If
they are yearning for that pristine and unspoilt nature country
depicted on postcards, with its pale and undiluted population descended
in direct line from Vikings, visitors to Norway are in for a rude
awakening the moment they land at Fornebu International Airport.
Not only is the airport an unspectacular one; a drab and downscaled
version of Heathrow or Schiphol. The chances are also that the taxi
driver who takes one into town is far from a blue-eyed Viking son,
but instead a brown man with a Subcontinental accent: a member,
the visitor will eventually discover, of Norway's healthy Pakistani
community.
Numbering more than 20,000, the Pakistani are the largest immigrant
group in Norway, slightly more numerous than the Swedes. Since the
late 1960s, when Norway decided to do as the Germans, French, Britons
and Swedes had already done and import a few planeloads of cheap
unskilled labour for its least prestigious menial tasks, the Pakistani
community has grown steadily.

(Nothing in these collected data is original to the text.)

Lemma syzygy_last_in_ideal r f (k : 'I_n) :
  (forall l : 'I_n, (k < l)%N -> f l = 0) -> \sum_l f l * r l = 0 ->
  in_ideal r k (f k * r k).
Proof.
move=> f_hi syz_f; exists (fun l => - f l); under eq_bigr do rewrite mulNr.
rewrite sumrN; apply/eqP; rewrite -addr_eq0 addrC; apply/eqP/(etrans _ syz_f).
rewrite [RHS](bigID (fun l : 'I_n => (l < k)%N)) /=; congr (_ + _).
rewrite (bigD1 k) ?ltnn //= big1 ?addr0 // => l /andP [ge_kl ne_lk].
rewrite -val_eqE /= in ne_lk.
by rewrite f_hi ?mul0r //; lia.
Qed.

Lemma regular_syzygy_koszul r f :
  regular r -> \sum_l f l * r l = 0 -> koszul r f.
Proof.
move=> reg_r; suff koszul_below k : (k <= n)%N -> forall f,
    (forall l : 'I_n, (k <= l)%N -> f l = 0) ->
    \sum_l f l * r l = 0 -> koszul r f.
  by apply: (koszul_below n) => // l; rewrite leqNgt ltn_ord.
elim: k => [|k IHk] le_kn {}f f_hi syz_f.
  exists (fun _ _ => 0) => l; rewrite f_hi //.
  by rewrite big1 // => j _; rewrite subrr mul0r.
pose kk : 'I_n := Ordinal le_kn.
have [g fkk_def] := reg_r kk _ (@syzygy_last_in_ideal r f kk f_hi syz_f).
(* [h] is the Koszul combination of the [S_{i,kk}], i < k, with coefficients
   [g i]; it cancels the [kk]-th coordinate of [f]. *)
pose C (i j : 'I_n) : T := if (i < k)%N && (j == kk) then g i else 0.
pose h l := \sum_j (C l j - C j l) * r j.
have h_above (l : 'I_n) : (k <= l)%N -> h l = - ((l == kk)%:R * f kk).
  move=> le_kl.
  transitivity (- \sum_(j < n) if (j < k)%N && (l == kk) then g j * r j else 0).
    rewrite -sumrN; apply: eq_bigr => j _; rewrite /C ltnNge le_kl /=.
    by case: ifP => _; rewrite ?sub0r ?mulNr ?mul0r ?oppr0.
  case: (eqVneq l kk) => _.
    rewrite mul1r fkk_def; congr (- _); rewrite [RHS]big_mkcond.
    by apply: eq_bigr => j _; rewrite andbT.
  by rewrite big1 ?mul0r ?oppr0 // => j _; rewrite andbF.
have kos_h : koszul r h by exists C.
have kos_fh : koszul r (fun l => f l + h l).
  apply: IHk => [|l le_kl|]; first exact: ltnW.
    rewrite h_above //.
    case: (eqVneq l kk) => [->|ne_lkk]; first by rewrite mul1r subrr.
    rewrite -val_eqE /= in ne_lkk.
    by rewrite mul0r oppr0 addr0 f_hi //; lia.
  under eq_bigr do rewrite mulrDl.
  by rewrite big_split /= syz_f koszul_syzygy ?add0r.
by apply: eq_koszul (koszulB kos_fh kos_h) => l; rewrite addrK.
Qed.
(* Everything is read off Priestley duality. The prime filter theorem gives
   a <= b iff s(a) is included in s(b), and compactness makes the clopen upsets
   exactly the sets s(a). A family S has the distributive join a iff the closure
   of the union of the s(s), s in S, is s(a); this turns joins of fewer than
   kappa elements, arbitrary joins and Heyting implications into the
   topological conditions of (1) and (2), with s(b -> c) = X \ down(s(b) \ s(c)).
   A D-ideal is determined by an open upset W, as {a | s(a) is included in W};
   the D-ideal generated by S corresponds to int1 cl (union of the s(s)), and
   normal ideals correspond to DM-sets. For regular kappa the D-ideals generated
   by fewer than kappa elements form a sub-kappa-frame, hence are exactly
   BL_kappa A. The relative annihilator <a, b> corresponds to
   X \ down(s(a) \ s(b)); a clopen U is a finite union of such differences, so
   X \ down U corresponds to a finite meet of relative annihilators.
   The prime filter theorem and compactness both come from one use of Zorn's
   lemma: a maximal consistent set of literals "a in P", "a not in P". *)

From Pilot Require Import Defs.
From mathcomp Require Import all_boot all_order.
From mathcomp Require Import boolp.
From mathcomp Require classical_sets.

Set Implicit Arguments. Unset Strict Implicit. Unset Printing Implicit Defensive.
Import Order.Theory.
Local Open Scope order_scope.

Local Notation meets p := (\meet_(i <- p) i).
Local Notation joins p := (\join_(i <- p) i).

Lemma chain_finite_bound (U : eqType) (F : (U -> Prop) -> Prop) (s : seq U) :
  classical_sets.total_on F classical_sets.subset ->
  (forall u, u \in s -> exists2 Z, F Z & Z u) ->
  s = [::] \/ exists2 Z, F Z & forall u, u \in s -> Z u.
Proof.
move=> Ftot; elim: s => [|u s IH] s_cov; first by left.
right; have [Z FZ Zu] := s_cov u (mem_head u s).
have [->|[Z' FZ' sZ']] : s = [::] \/ exists2 Z, F Z & forall u, u \in s -> Z u.
- by apply: IH => v vs; apply: s_cov; rewrite inE vs orbT.
- by exists Z => // v; rewrite inE => /eqP->.
have [ZZ'|Z'Z] := Ftot Z Z' FZ FZ'.
  by exists Z' => // v; rewrite inE => /predU1P[->|/sZ']; [apply: ZZ'|].
by exists Z => // v; rewrite inE => /predU1P[->|/sZ'/Z'Z].
Qed.

Lemma forall_in_seq1 (T : eqType) (a : T) (Q : T -> Prop) :
  Q a -> forall c, c \in [:: a] -> Q c.
Proof. by move=> Qa c /[!inE] /eqP->. Qed.

Section TotalExtension.
Variables (T : eqType) (good : seq T -> seq T -> Prop).
Hypothesis good_sub : forall p n p' n',
  good p n -> {subset p' <= p} -> {subset n' <= n} -> good p' n'.
Hypothesis good_split : forall p n a, good p n -> good (a :: p) n \/ good p (a :: n).
Hypothesis good_nil : good [::] [::].
Lemma sum_delta (I : finType) (t : I -> T) (c : I -> C) v :
  \sum_x (\sum_a (if x == t a then c a else 0)) * v x = \sum_a c a * v (t a).
Proof.
under eq_bigr do rewrite big_distrl.
rewrite exchange_big; apply: eq_bigr => a _.
rewrite (bigD1 (t a)) //= eqxx big1 ?addr0 // => x /negbTE ->.
by rewrite mul0r.
Qed.

End OperatorAlgebra.

Section ComplexOperators.
Variables (R : rcfType) (T : finType).
Implicit Types (A B : op R[i] T) (v : vect R[i] T).

Lemma opappZ A c v : opapp A (c *: v) = c *: opapp A v.
Proof.
apply/funext => y; rewrite !fctE /opapp scaler_sumr.
by apply: eq_bigr => x _; exact: mulrCA.
Qed.

Lemma opappZl c A v : opapp (c *: A) v = c *: opapp A v.
Proof.
apply/funext => y; rewrite !fctE /opapp scaler_sumr.
by apply: eq_bigr => x _; rewrite scalrfctE; exact/esym/mulrA.
Qed.

Lemma opadjM A B : opadj (opmul A B) = opmul (opadj B) (opadj A).
Proof.
apply/funext => y; apply/funext => x; rewrite /opadj /opmul rmorph_sum.
by apply: eq_bigr => z _; rewrite rmorphM mulrC.
Qed.

Lemma opadjK A : opadj (opadj A) = A.
Proof. by apply/funext => y; apply/funext => x; rewrite /opadj conjcK. Qed.

Lemma opadjZ c A : opadj (c *: A) = conjc c *: opadj A.
Proof. by apply/funext => y; apply/funext => x; rewrite /opadj /= rmorphM. Qed.

Lemma opadj0 : opadj (0 : op R[i] T) = 0.
Proof. by apply/funext => y; apply/funext => x; exact: conjc0. Qed.

End ComplexOperators.

Section Blocks.
Variables (C : nzRingType) (T : finType).

Definition opblock (A11 A12 A21 A22 : op C T) : op C (T + T)%type :=
  fun y x => match y, x with
             | inl y, inl x => A11 y x
             | inl y, inr x => A12 y x
             | inr y, inl x => A21 y x
             | inr y, inr x => A22 y x
             end.

Definition vpair (a b : vect C T) : vect C (T + T)%type :=
  fun z => match z with inl x => a x | inr x => b x end.

Lemma vpair_eta (v : vect C (T + T)%type) : vpair (v \o inl) (v \o inr) = v.
Proof. by apply/funext => -[]. Qed.
(* Linear $\mathrm{HTA}_\pm$ are strictly less expressive than two-way linear $\mathrm{HTA}_\pm$: every set of $\Sigma$-trees recognised by a linear $\mathrm{HTA}_\pm$ is recognised by some two-way linear $\mathrm{HTA}_\pm$, but some set of $\Sigma$-trees recognised by a two-way linear $\mathrm{HTA}_\pm$ is not recognised by any linear $\mathrm{HTA}_\pm$.
   Context: Fix a finite set $AP$, $\Sigma=2^{AP}$; $\Sigma$-trees are unranked (finitely many children per node), unordered, leafless trees labelled by $\Sigma$. A two-way $\mathrm{HTA}_\pm$ is $\langle Q,\Sigma,\delta,q_I,F\rangle$, $Q$ finite, $q_I\in Q$, $F\subseteq Q$, $\delta:Q\times\Sigma\times\{\mathit{root},\mathit{nonroot}\}\to\mathcal{B}^+(\{\Diamond_k,\Box_k\}_{k\in\mathbb{N}}\times Q\cup\{\Uparrow\}\times Q)$ (positive Boolean formulae built with $\top,\bot,\land,\lor$; $\Diamond=\Diamond_1,\Box=\Box_1$). A run on $t$ from $s$: tree $r$ labelled in $Q\times\mathrm{Dom}(t)$ with root $(q_I,s)$, each node $x$ labelled $(q,v)$ satisfying $\delta(q,t(v),\rho)$ ($\rho=\mathit{root}$ iff $v$ is the root), where $x\models(\Diamond_k,q')$ iff $x$ has children labelled $(q',v_i)$ for $k$ pairwise distinct children $v_i$ of $v$; $x\models(\Box_k,q')$ iff for all but at most $k-1$ children $v'$ of $v$ some child of $x$ is labelled $(q',v')$; $x\models(\Uparrow,q')$ iff some child of $x$ is labelled $(q',v')$ with $v'$ the parent of $v$. Accepting: every infinite path of $r$ from its root visits $F$ infinitely often. Recognised language: trees with an accepting run from the root. Hesitant: $Q$ partitioned into totally ordered nonempty components such that transitions from $Q_i$ mention only states in components $Q_j$, $j\le i$, each component being transient (no $Q_i$-atoms in transitions of its states), existential ($Q_i$-atoms only of form $(\Diamond,q')$, at most one per DNF clause), universal (only $(\Box,q')$, at most one per CNF clause), or upward (a singleton $\{q\}$ where $q$ occurs in its own transitions only as $(\Uparrow,q)$). Polarised: existential-component states not in $F$, universal-component states in $F$. Linear: all components are singletons. A (one-way) linear $\mathrm{HTA}_\pm$ is the special case with no atoms $(\Uparrow,q)$ and with $\delta$ not depending on the $\mathit{root}/\mathit{nonroot}$ argument (equivalently $\delta:Q\times\Sigma\to\mathcal{B}^+(\{\Diamond_k,\Box_k\}_{k\in\mathbb{N}}\times Q)$), with components of types transient, existential or universal only. *)

From mathcomp Require Import all_boot.
From Stdlib Require List.
Set Implicit Arguments. Unset Strict Implicit. Unset Printing Implicit Defensive.

(* A tree over labels S: nodes are sequences of child indices from the root;
   node w has children  rcons w i  for i < arity w. *)
Record tree (S : Type) := Tree { arity : seq nat -> nat; label : seq nat -> S }.

Fixpoint indom_from S (t : tree S) (pre w : seq nat) : bool :=
  match w with
  | [::] => true
  | i :: w' => (i < arity t pre) && indom_from t (rcons pre i) w'
  end.

Definition indom S (t : tree S) (w : seq nat) : bool := indom_from t [::] w.

(* Leafless (finite branching is built in). *)
Definition sigma_tree S (t : tree S) : Prop :=
  forall w, indom t w -> 0 < arity t w.

Definition parent (w : seq nat) : seq nat := take (size w).-1 w.

Inductive atom (Q : Type) :=
| ADia of nat & Q
| ABox of nat & Q
| AUp of Q.

Definition atom_state Q (a : atom Q) : Q :=
  match a with ADia _ q => q | ABox _ q => q | AUp q => q end.

Inductive pbf (A : Type) :=
| PTrue | PFalse | PAtom of A | PAnd of pbf A & pbf A | POr of pbf A & pbf A.
Arguments PTrue {A}. Arguments PFalse {A}.

Fixpoint atoms A (f : pbf A) : seq A :=
  match f with
  | PTrue | PFalse => [::]
  | PAtom a => [:: a]
  | PAnd g h | POr g h => atoms g ++ atoms h
  end.

Fixpoint psat A (P : A -> Prop) (f : pbf A) : Prop :=
  match f with
  | PTrue => True
  | PFalse => False
  | PAtom a => P a
  | PAnd g h => psat P g /\ psat P h
  | POr g h => psat P g \/ psat P h
  end.

Fixpoint dnf A (f : pbf A) : seq (seq A) :=
  match f with
  | PTrue => [:: [::]]
  | PFalse => [::]
  | PAtom a => [:: [:: a]]
  | POr g h => dnf g ++ dnf h
  | PAnd g h => [seq c1 ++ c2 | c1 <- dnf g, c2 <- dnf h]
  end.

Fixpoint cnf A (f : pbf A) : seq (seq A) :=
  match f with
  | PTrue => [::]
  | PFalse => [:: [::]]
  | PAtom a => [:: [:: a]]
  | PAnd g h => cnf g ++ cnf h
  | POr g h => [seq c1 ++ c2 | c1 <- cnf g, c2 <- cnf h]
  end.

(* the boolean argument of hdelta is true iff the node is the root *)
Record hta (S : Type) := HTA {
  hQ : finType;
  hdelta : hQ -> S -> bool -> pbf (atom hQ);
  hqI : hQ;
  hF : {set hQ}
}.

(* run trees: nodes are sequences of naturals (arbitrary, possibly infinite,
   branching), domain rdom (prefix closed), labels in Q x Dom(t) *)
Record run (Q : Type) := Run { rdom : seq nat -> Prop; rlab : seq nat -> Q * seq nat }.

Section Runs.
Variables (S : Type) (A : hta S) (t : tree S).

Definition has_child (r : run (hQ A)) (x : seq nat) (q : hQ A) (v : seq nat) :=
  exists j, rdom r (rcons x j) /\ rlab r (rcons x j) = (q, v).

Definition atom_sat (r : run (hQ A)) (x v : seq nat) (a : atom (hQ A)) : Prop :=
  match a with
  | ADia k q => exists s : seq nat,
      [/\ uniq s, size s = k &
          forall i, i \in s -> i < arity t v /\ has_child r x q (rcons v i)]
  | ABox k q => exists E : seq nat,
      size E < k /\
      forall i, i < arity t v -> i \notin E -> has_child r x q (rcons v i)
  | AUp q => v <> [::] /\ has_child r x q (parent v)
  end.

Definition is_run_from (s : seq nat) (r : run (hQ A)) : Prop :=
  [/\ rdom r [::],
      (forall x i, rdom r (rcons x i) -> rdom r x),
      rlab r [::] = (hqI A, s) &
      forall x, rdom r x ->
        let: (q, v) := rlab r x in
        indom t v /\ psat (atom_sat r x v) (@hdelta _ A q (label t v) (v == [::]))].

Definition accepting (r : run (hQ A)) : Prop :=
  forall p : nat -> seq nat, p 0 = [::] ->
    (forall n, rdom r (p n.+1) /\ exists j, p n.+1 = rcons (p n) j) ->
    forall m, exists2 n, m <= n & (rlab r (p n)).1 \in hF A.

Definition accepts : Prop :=
  exists r, is_run_from [::] r /\ accepting r.

End Runs.

Definition recognises S (A : hta S) (L : tree S -> Prop) : Prop :=
  forall t, sigma_tree t -> (L t <-> accepts A t).

Inductive ctype := Transient | Existential | Universal | Upward.

(* Components are singletons {q}, totally ordered by an injective rank. *)
Definition linear_struct S (A : hta S) (allow_up : bool) : Prop :=
  exists (rk : hQ A -> nat) (ty : hQ A -> ctype),
  [/\ injective rk,
      (forall q a b x, List.In x (atoms (@hdelta _ A q a b)) ->
          rk (atom_state x) <= rk q) &
      forall q, match ty q with
      | Transient => forall a b x, List.In x (atoms (@hdelta _ A q a b)) ->
                       atom_state x <> q
      | Existential =>
          q \notin hF A /\
          forall a b,
            (forall x, List.In x (atoms (@hdelta _ A q a b)) ->
               atom_state x = q -> x = ADia 1 q) /\
            (forall c, List.In c (dnf (@hdelta _ A q a b)) ->
               forall x y, List.In x c -> List.In y c ->
                 atom_state x = q -> atom_state y = q -> x = y)
      | Universal =>
          q \in hF A /\
          forall a b,
            (forall x, List.In x (atoms (@hdelta _ A q a b)) ->
               atom_state x = q -> x = ABox 1 q) /\
            (forall c, List.In c (cnf (@hdelta _ A q a b)) ->
               forall x y, List.In x c -> List.In y c ->
                 atom_state x = q -> atom_state y = q -> x = y)
      | Upward =>
          allow_up /\
          forall a b x, List.In x (atoms (@hdelta _ A q a b)) ->
            atom_state x = q -> x = AUp q
      end].

Definition twoway_linear S (A : hta S) : Prop := linear_struct A true.

Definition oneway_linear S (A : hta S) : Prop :=
  [/\ linear_struct A false,
      (forall q a b q', ~ List.In (AUp q') (atoms (@hdelta _ A q a b))) &
      (forall q a, @hdelta _ A q a true = @hdelta _ A q a false)].

From mathcomp Require Import all_boot zify boolp.
Set Implicit Arguments. Unset Strict Implicit. Unset Printing Implicit Defensive.

(* A one-way linear automaton is in particular a two-way linear one. For strictness, let
   [T n] be the full binary tree whose 0-th children are marked, except that the unmarked
   nodes at depth [n] have a third child. A two-way automaton can walk down the path on which
   markings alternate and test the arity of its depth-[n] node, so it accepts [T n] iff [n]
   is odd. A one-way automaton reads subtrees independently, and the subtree of [T j.+1] at a
   child of the root reappears in [T j.+2] one level lower; so acceptance from a depth-one node
   of [T j.+2] is determined by the numbers [c q j] of children of such a node accepted from
   each state [q]. Going up the linear order of states, once the counts of all lower states
   are constant, [c q] follows a monotone map on [{0, 1, 2}] and becomes constant as well.
   Hence acceptance of [T n] by a one-way linear automaton is eventually constant in [n]. *)

Lemma psat_mono_in (X : Type) (P P' : X -> Prop) (f : pbf X) :
  (forall a, List.In a (atoms f) -> P a -> P' a) -> psat P f -> psat P' f.
Proof.
elim: f => //= [a | g IHg h IHh | g IHg h IHh] PP'.
- by apply: PP'; left.
- by case=> Pg Ph; split; [apply: IHg Pg | apply: IHh Ph] => a a_in;
    apply: PP'; apply: List.in_or_app; [left | right].
- by case=> [Pg | Ph]; [left; apply: IHg Pg | right; apply: IHh Ph] => a a_in;
    apply: PP'; apply: List.in_or_app; [left | right].
Qed.

Lemma psat_iff_in (X : Type) (P P' : X -> Prop) (f : pbf X) :
  (forall a, List.In a (atoms f) -> (P a <-> P' a)) -> (psat P f <-> psat P' f).
Proof. by move=> PP'; split; apply: psat_mono_in => a /PP' []. Qed.

Lemma In_allpairs_cat (X : Type) (s t : seq (seq X)) c :
  List.In c [seq c1 ++ c2 | c1 <- s, c2 <- t] ->
  exists c1 c2, [/\ List.In c1 s, List.In c2 t & c = c1 ++ c2].
Proof.
elim: s => //= c1 s IHs /(List.in_app_or _ _ _) [c_in | /IHs [c1' [c2 [? ? ->]]]].
- exists c1; clear IHs; elim: t c_in => //= c2 t IHt [<- | /IHt [c2' [_ ? ->]]].
  + by exists c2; split=> //; left.
  + by exists c2'; split=> //; [left | right].
- by exists c1', c2; split=> //; right.
Qed.

Lemma atoms_of_cnf (X : Type) (f : pbf X) c x :
  List.In c (cnf f) -> List.In x c -> List.In x (atoms f).
Proof.
elim: f c => [| | a | g IHg h IHh | g IHg h IHh] c //=.
- by case=> // <-.
- by case=> // <-.
- case/(List.in_app_or _ _ _)=> [/IHg sub /sub | /IHh sub /sub] x_in.
  + by apply: List.in_or_app; left.
  + by apply: List.in_or_app; right.
- case/In_allpairs_cat=> c1 [c2 [c1_in c2_in ->]].
  case/(List.in_app_or _ _ _)=> [/(IHg _ c1_in) | /(IHh _ c2_in)] x_in.
  + by apply: List.in_or_app; left.
  + by apply: List.in_or_app; right.
Qed.

Lemma cnf_clause_unique (X : Type) (f : pbf X) (P : X -> Prop) (a : X) :
  (forall x, List.In x (atoms f) -> P x -> x = a) ->
  forall c, List.In c (cnf f) -> forall x y, List.In x c -> List.In y c -> P x -> P y -> x = y.
Proof.
move=> uniq_a c c_in x y x_in y_in Px Py.
have in_atoms z : List.In z c -> List.In z (atoms f) by apply: atoms_of_cnf c_in.
by rewrite (uniq_a x (in_atoms x x_in) Px) (uniq_a y (in_atoms y y_in) Py).
Qed.

Lemma indom_from_rcons (S : Type) (t : tree S) pre w i :
  indom_from t pre (rcons w i) = indom_from t pre w && (i < arity t (pre ++ w)).
Proof.
elim: w pre => [|j w IH] pre /=; first by rewrite cats0 andbT.
by rewrite IH cat_rcons andbA.
Qed.

Lemma indom_rcons (S : Type) (t : tree S) w i :
  indom t (rcons w i) = indom t w && (i < arity t w).
Proof. exact: indom_from_rcons. Qed.

Lemma parent_rcons w i : parent (rcons w i) = w.
Proof. by rewrite /parent size_rcons -cats1 take_size_cat. Qed.

Section Runs.
Variables (S : Type) (A : hta S) (t : tree S).

Definition hta_from (q : hQ A) : hta S := HTA (@hdelta _ A) q (hF A).

Definition accepting_run (q : hQ A) (v : seq nat) (r : run (hQ A)) : Prop :=
  @is_run_from _ (hta_from q) t v r /\ @accepting _ (hta_from q) r.

Definition accepts_from (q : hQ A) (v : seq nat) : Prop := exists r, accepting_run q v r.

Lemma accepts_from_init : accepts A t <-> accepts_from (hqI A) [::].
Proof. by []. Qed.

(* [atom_sat t r x v] is [atom_holds (has_child r x) v] by definition. *)
Definition atom_holds (P : hQ A -> seq nat -> Prop) (v : seq nat) (a : atom (hQ A)) :=
  match a with
  | ADia k q => exists s : seq nat,
      [/\ uniq s, size s = k & forall i, i \in s -> i < arity t v /\ P q (rcons v i)]
  | ABox k q => exists E : seq nat,
      size E < k /\ forall i, i < arity t v -> i \notin E -> P q (rcons v i)
  | AUp q => v <> [::] /\ P q (parent v)
  end.

Lemma atom_holds_mono (P P' : hQ A -> seq nat -> Prop) v a :
  (forall q w, P q w -> P' q w) -> atom_holds P v a -> atom_holds P' v a.
Proof.
move=> PP'; case: a => [k q | k q | q] /=.
- by case=> s [s_uniq s_size s_P]; exists s; split=> // i /s_P [? /PP'].
- by case=> E [E_size E_P]; exists E; split=> // i i_lt /(E_P i i_lt)/PP'.
- by case=> v_nil /PP'.
Qed.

After 1975, however, the growth has
taken place chiefly through internal reproduction and family reunions
as Norway at the time imposed a ban on labour migration. Today,
Norway has a total of 220,000 immigrants, accounting for five per
cent of the population, but half of them come from rich, white countries
and are never thought of as immigrants. The other half originate
in over a hundred countries. During the 1980s and 1990s, the main
flow has consisted of refugees from war-torn or politically authoritarian
societies such as Iran, Somalia, Vietnam and Sri Lanka.
The Pakistani are in a special position not only because they are
the largest community, but also because they came first. Thousands
of Pakistani-Norwegian children and teenagers living in the urban
centres today have grown up in Norway, speak the language without
an accent and consider themselves Norwegians. This presents the
ongoing construction of Norwegian nationhood with new challenges.
The integration of immigrants into Norwegian society has not been
unproblematic. The country has traditionally been geographically
and economically marginal and relatively isolated. Apart from the
indigenous Sami (Lapps) in the far north, the population was considered
-- and considered itself -- homogeneous. Indeed, the entire project
of nation-building, as it evolved from the mid-nineteenth century,
culminating in full independence from Sweden in 1905, emphasised
the indivisible and unitary nature of the Norwegian population.
Norwegian nationalism and national imagery have always been oriented
towards a mythical pastoral idyll. The rooted, traditional peasant
has been depicted as the archetypal Norwegian, and although three
quarters of the population now live in urbanised areas, Norwegians
still tend to see themselves as an essentially rural people of peasants
and fishermen. This kind of national identity, which stresses the
continuity with the past, traditional authenticity and the rural
way of life, is not immediately compatible with an urban minority
of Punjabi- and Urdu-speaking Muslims from a country with which
Norway has no historical ties.
The state has by and large pursued a straightforward policy of assimilation
vis-à-vis the Pakistani. Their integration into the labour
market has been taken for granted; after all, they came here to
work. Their children attend ordinary Norwegian schools, although
some concessions have been made in granting them a few classes in
their maternal language. In general, a successful Pakistani according
to the values of the majority is by definition a Norwegianised Pakistani.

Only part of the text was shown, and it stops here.